Revealing Algorithmic Deductive Circuits for Logical Reasoning
Phuong Minh Nguyen, Tien Huu Dang, Naoya Inoue
Why It Matters
What makes this one worth your time
Understanding the internal mechanisms of LLMs in logical reasoning can enhance model interpretability and guide the development of more efficient reasoning systems.
The study localizes attention heads in LLMs that drive logical reasoning processes.
Summary
The paper investigates how Large Language Models (LLMs) perform logical reasoning by identifying specific attention heads responsible for reasoning steps and analyzing the information flow between them using a symbolic-aided Chain-of-Thought prompting framework.
Key contributions
- Localization of attention heads responsible for specific reasoning steps.
- Characterization of information transfer among attention heads using causal mediation analysis.
Notable insights
- Only about 3% of attention heads are specialized for retrieving factual and rule-based information.
- Higher layers in LLMs are crucial for integrating information and developing global reasoning strategies.
Possible limitations
- Not stated in the abstract
Abstract
arXiv:2605.27824v1 Announce Type: new Abstract: Recent studies have shown that Large Language Models (LLMs) can achieve strong reasoning performance by incorporating functional symbolic representations that abstractly describe graph traversal algorithms and step-by-step reasoning in few-shot learning settings.

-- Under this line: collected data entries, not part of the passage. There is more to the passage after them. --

(* Let $0<p<\infty$ and $\alpha>-1$. Suppose $w\in A^p_\beta$ for some $\beta$ with $-1<\beta<\alpha$, and suppose $\varphi$ is an entire function which is of order less than one, or of order one and type zero. Then the weighted superposition operator $S_{\varphi,w}$ is a bounded operator from the Bloch space $\mathcal B$ into $A^p_\alpha$, i.e. it maps $\mathcal B$ into $A^p_\alpha$ and for every $K>0$ there is a constant $C_K$ such that $\int_{\mathbb D}(1-|z|^2)^\alpha|w(z)|^p|\varphi(f(z))|^p\,dA(z)\le C_K$ for all $f\in\mathcal B$ with $\|f\|_{\mathcal B}\le K$.
   Context: $\mathbb D$ is the unit disc, $\mathcal H(\mathbb D)$ the analytic functions on it. For $\varphi$ entire and $w\in\mathcal H(\mathbb D)$, $S_{\varphi,w}(f)(z)=w(z)\varphi(f(z))$. For $0<p<\infty$, $\gamma>-1$, $A^p_\gamma$ is the set of $f\in\mathcal H(\mathbb D)$ with $\int_{\mathbb D}(1-|z|^2)^\gamma|f(z)|^p\,dA(z)<\infty$, $dA$ normalized area measure. The Bloch space $\mathcal B$ consists of $f\in\mathcal H(\mathbb D)$ with $\|f\|_{\mathcal B}=|f(0)|+\sup_{z\in\mathbb D}(1-|z|^2)|f'(z)|<\infty$. Since the operator is nonlinear, ''bounded'' means it maps bounded sets to bounded sets. *)

From Stdlib Require Import Reals Lra Classical ClassicalEpsilon.
Open Scope R_scope.

Definition Cplx : Type := (R * R)%type.
Definition Cadd (z w : Cplx) : Cplx := (fst z + fst w, snd z + snd w).
Definition Csub (z w : Cplx) : Cplx := (fst z - fst w, snd z - snd w).
Definition Cmul (z w : Cplx) : Cplx :=
  (fst z * fst w - snd z * snd w, fst z * snd w + snd z * fst w).
Definition C0 : Cplx := (0, 0).
Definition Cnorm (z : Cplx) : R := sqrt (fst z * fst z + snd z * snd z).

Definition inD (z : Cplx) : Prop := Cnorm z < 1.

Definition is_cderiv_on (U : Cplx -> Prop) (f : Cplx -> Cplx) (z l : Cplx) : Prop :=
  forall eps, 0 < eps -> exists delta, 0 < delta /\
    forall h, h <> C0 -> Cnorm h < delta -> U (Cadd z h) ->
      Cnorm (Csub (Csub (f (Cadd z h)) (f z)) (Cmul l h)) <= eps * Cnorm h.

(* f in H(D): complex differentiable at every point of D (values outside D irrelevant) *)
Definition analytic_D (f : Cplx -> Cplx) : Prop :=
  forall z, inD z -> exists l, is_cderiv_on inD f z l.

Definition entire (phi : Cplx -> Cplx) : Prop :=
  forall z, exists l, is_cderiv_on (fun _ => True) phi z l.

(* x^y for x >= 0 with the convention 0^y = 0 (y > 0 in all uses) *)
Definition rpow (x y : R) : R :=
  if Rlt_dec 0 x then Rpower x y else 0.

(* Riemann integral on [a,b], 0 if f is not Riemann integrable there
   (RiemannInt does not depend on the integrability proof) *)
Definition RInt (f : R -> R) (a b : R) : R :=
  match excluded_middle_informative (inhabited (Riemann_integrable f a b)) with
  | left H => RiemannInt (epsilon H (fun _ => True))
  | right _ => 0
  end.

(* Integral of F over the disc of radius rho with respect to the normalized
   area measure dA = dx dy / pi, computed in polar coordinates. *)
Definition disc_int (F : Cplx -> R) (rho : R) : R :=
  / PI * RInt (fun r => r * RInt (fun t => F (r * cos t, r * sin t)) 0 (2 * PI)) 0 rho.

Definition bergman_integrand (p gamma : R) (g : Cplx -> Cplx) (z : Cplx) : R :=
  rpow (1 - Cnorm z ^ 2) gamma * rpow (Cnorm (g z)) p.

(* int_D (1-|z|^2)^gamma |g|^p dA <= M  (nonnegative integrand: limit of the
   integrals over discs of radius rho -> 1, i.e. their supremum) *)
Definition bergman_int_le (p gamma : R) (g : Cplx -> Cplx) (M : R) : Prop :=
  forall rho, 0 <= rho < 1 -> disc_int (bergman_integrand p gamma g) rho <= M.

Definition in_Apg (p gamma : R) (g : Cplx -> Cplx) : Prop :=
  analytic_D g /\ exists M, bergman_int_le p gamma g M.

Definition bloch_norm_le (f : Cplx -> Cplx) (K : R) : Prop :=
  analytic_D f /\
  forall z l, inD z -> is_cderiv_on inD f z l ->
    Cnorm (f C0) + (1 - Cnorm z ^ 2) * Cnorm l <= K.

Definition in_Bloch (f : Cplx -> Cplx) : Prop := exists K, bloch_norm_le f K.

Definition growth_bound_pow (phi : Cplx -> Cplx) (mu : R) : Prop :=
  exists R0, 0 < R0 /\ forall z, R0 <= Cnorm z -> Cnorm (phi z) <= exp (Rpower (Cnorm z) mu).

(* order rho = inf { mu >= 0 | M(r) <= exp(r^mu) eventually } *)
Definition order_lt_one (phi : Cplx -> Cplx) : Prop :=
  exists mu, 0 <= mu < 1 /\ growth_bound_pow phi mu.

Definition order_eq_one (phi : Cplx -> Cplx) : Prop :=
  (forall mu, 1 < mu -> growth_bound_pow phi mu) /\ ~ order_lt_one phi.

(* type (for order 1) = limsup_{r->oo} log M(r) / r ; type zero means
   for every sigma > 0, M(r) <= exp(sigma r) eventually *)
Definition type_zero_order_one (phi : Cplx -> Cplx) : Prop :=
  forall sigma, 0 < sigma -> exists R0, 0 < R0 /\
    forall z, R0 <= Cnorm z -> Cnorm (phi z) <= exp (sigma * Cnorm z).

Definition S_op (phi w f : Cplx -> Cplx) : Cplx -> Cplx := fun z => Cmul (w z) (phi (f z)).

From Stdlib Require Import Reals Lra Psatz Classical ClassicalEpsilon.
Open Scope R_scope.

However, it remains unclear how LLMs genuinely understand the abstract meaning of each reasoning step and the overall algorithm from only a limited number of demonstrations. This work aims to localize the attention heads responsible for individual reasoning steps and characterize the types of information transferred among them. We first align constituent reasoning steps with their corresponding token logits under a symbolic-aided Chain-of-Thought (CoT) prompting framework. Our analysis shows that token positions that steer the reasoning process are associated with low confidence scores caused by constraints on satisfying reasoning behavior patterns in demonstrations. We then adopt causal mediation analysis techniques to identify the attention heads responsible for these patterns. In addition, our findings indicate that LLMs retrieve factual and rule-based information for individual sub-reasoning tasks through specialized attention heads (approximately 3% total heads), whereas higher layers predominantly facilitate information integration and the emergence of global reasoning strategies (e.g., graph traversal algorithms) that coordinate multiple intermediate reasoning steps to solve the overall task.